= Exercise material =
(* (1) For each $f\in\mathcal A_C$, the map $\Phi_f:\mathcal{BV}\to C^0(\overline{\mathbb R})$, $\Phi_f[g]=f*g$, is a bounded linear operator (with $\mathcal{BV}$ normed by $\|\cdot\|_{\mathcal{BV}}$ and $C^0(\overline{\mathbb R})$ by $\|\cdot\|_\infty$) with $\|\Phi_f\|\le\|f\|$, and there exists a nonzero $f\in\mathcal A_C$ with $\|\Phi_f\|=\|f\|$. (2) For each $g\in\mathcal{BV}$, the map $\Psi_g:\mathcal A_C\to C^0(\overline{\mathbb R})$, $\Psi_g[f]=f*g$, is a bounded linear operator (with $\mathcal A_C$ normed by the Alexiewicz norm) with $\|\Psi_g\|\le\|g\|_{\mathcal{BV}}$, and there exists a nonzero $g\in\mathcal{BV}$ with $\|\Psi_g\|=\|g\|_{\mathcal{BV}}$.
   Context: Notation: $\mathcal D=C_c^\infty(\mathbb R)$, $\mathcal D'$ the Schwartz distributions; derivatives of distributions are distributional derivatives. $\overline{\mathbb R}=[-\infty,\infty]$, $F(\pm\infty)=\lim_{x\to\pm\infty}F(x)$. $C^0(\overline{\mathbb R})$ is the set of continuous $F:\mathbb R\to\mathbb R$ with finite limits at $\pm\infty$, normed by $\|F\|_\infty=\sup_{\mathbb R}|F|$. $\mathcal B_C=\{F\in C^0(\overline{\mathbb R}):F(-\infty)=0\}$. $\mathcal A_C=\{f\in\mathcal D': f=F' \text{ for some } F\in\mathcal B_C\}$; the primitive $F\in\mathcal B_C$ is unique, and $\int_a^bf=F(b)-F(a)$ for $a,b\in\overline{\mathbb R}$. The Alexiewicz norm is $\|f\|=\sup_I|\int_If|$ over all intervals $I\subset\mathbb R$. $\mathcal{BV}$ is the set of $g:\mathbb R\to\mathbb R$ with finite variation $Vg=\sup\sum_i|g(x_i)-g(y_i)|$ (supremum over finite families of disjoint intervals $(x_i,y_i)$), with norm $\|g\|_{\mathcal{BV}}=|g(-\infty)|+Vg$. For $h\in\mathcal A_C$ with primitive $H$ and $g\in\mathcal{BV}$, $\int_{-\infty}^\infty hg=H(\infty)g(\infty)-\int_{-\infty}^\infty H\,dg$ (Henstock–Stieltjes integral). For $f\in\mathcal A_C$ with primitive $F$ and $x\in\mathbb R$, $f(x-\cdot)$ is the element of $\mathcal A_C$ with primitive $y\mapsto F(\infty)-F(x-y)$, and $f*g(x)=\int_{-\infty}^\infty f(x-y)g(y)\,dy$ is the product integral of $f(x-\cdot)$ and $g$. (It is known that $f*g\in C^0(\overline{\mathbb R})$.) *)

From Stdlib Require Import Reals Lra ClassicalEpsilon.
Open Scope R_scope.

(** Supremum of a set of reals (meaningful when the set is nonempty and
    bounded above, in which case it is the least upper bound). *)
Definition Rsup (E : R -> Prop) : R :=
  epsilon (inhabits 0) (fun l => is_lub E l).

Definition lim_pinf (F : R -> R) (l : R) : Prop :=
  forall eps, 0 < eps -> exists M, forall x, M < x -> Rabs (F x - l) < eps.
Definition lim_minf (F : R -> R) (l : R) : Prop :=
  forall eps, 0 < eps -> exists M, forall x, x < M -> Rabs (F x - l) < eps.
Definition val_pinf (F : R -> R) : R := epsilon (inhabits 0) (lim_pinf F).
Definition val_minf (F : R -> R) : R := epsilon (inhabits 0) (lim_minf F).

(** C^0(extended R): continuous with finite limits at +-oo. *)
Definition C0bar (F : R -> R) : Prop :=
  continuity F /\ (exists l, lim_pinf F l) /\ (exists l, lim_minf F l).

Definition Bc (F : R -> R) : Prop := C0bar F /\ lim_minf F 0.

Definition sup_norm (F : R -> R) : R :=
  Rsup (fun r => exists x, r = Rabs (F x)).

(** An element f of A_C is represented by its (unique) primitive F in B_C
    (f = F').  int_a^b f = F b - F a.  Alexiewicz norm of f = F'. *)
Definition alex_norm (F : R -> R) : R :=
  Rsup (fun r => exists a b, r = Rabs (F b - F a)).

Fixpoint rsum (n : nat) (f : nat -> R) : R :=
  match n with O => 0 | S k => rsum k f + f k end.

Definition disjoint_family (n : nat) (x y : nat -> R) : Prop :=
  (forall i, (i < n)%nat -> x i < y i) /\
  (forall i j, (i < n)%nat -> (j < n)%nat -> i <> j ->
     y i <= x j \/ y j <= x i).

= Work required =
Please return every line from the one that contains "Definition Rsup (E" through the end of the entries, exactly, leaving out all others.

= Exercise solution =
Definition Rsup (E : R -> Prop) : R :=
  epsilon (inhabits 0) (fun l => is_lub E l).

Definition lim_pinf (F : R -> R) (l : R) : Prop :=
  forall eps, 0 < eps -> exists M, forall x, M < x -> Rabs (F x - l) < eps.
Definition lim_minf (F : R -> R) (l : R) : Prop :=
  forall eps, 0 < eps -> exists M, forall x, x < M -> Rabs (F x - l) < eps.
Definition val_pinf (F : R -> R) : R := epsilon (inhabits 0) (lim_pinf F).
Definition val_minf (F : R -> R) : R := epsilon (inhabits 0) (lim_minf F).

(** C^0(extended R): continuous with finite limits at +-oo. *)
Definition C0bar (F : R -> R) : Prop :=
  continuity F /\ (exists l, lim_pinf F l) /\ (exists l, lim_minf F l).

Definition Bc (F : R -> R) : Prop := C0bar F /\ lim_minf F 0.

Definition sup_norm (F : R -> R) : R :=
  Rsup (fun r => exists x, r = Rabs (F x)).

(** An element f of A_C is represented by its (unique) primitive F in B_C
    (f = F').  int_a^b f = F b - F a.  Alexiewicz norm of f = F'. *)
Definition alex_norm (F : R -> R) : R :=
  Rsup (fun r => exists a b, r = Rabs (F b - F a)).

Fixpoint rsum (n : nat) (f : nat -> R) : R :=
  match n with O => 0 | S k => rsum k f + f k end.

Definition disjoint_family (n : nat) (x y : nat -> R) : Prop :=
  (forall i, (i < n)%nat -> x i < y i) /\
  (forall i j, (i < n)%nat -> (j < n)%nat -> i <> j ->
     y i <= x j \/ y j <= x i).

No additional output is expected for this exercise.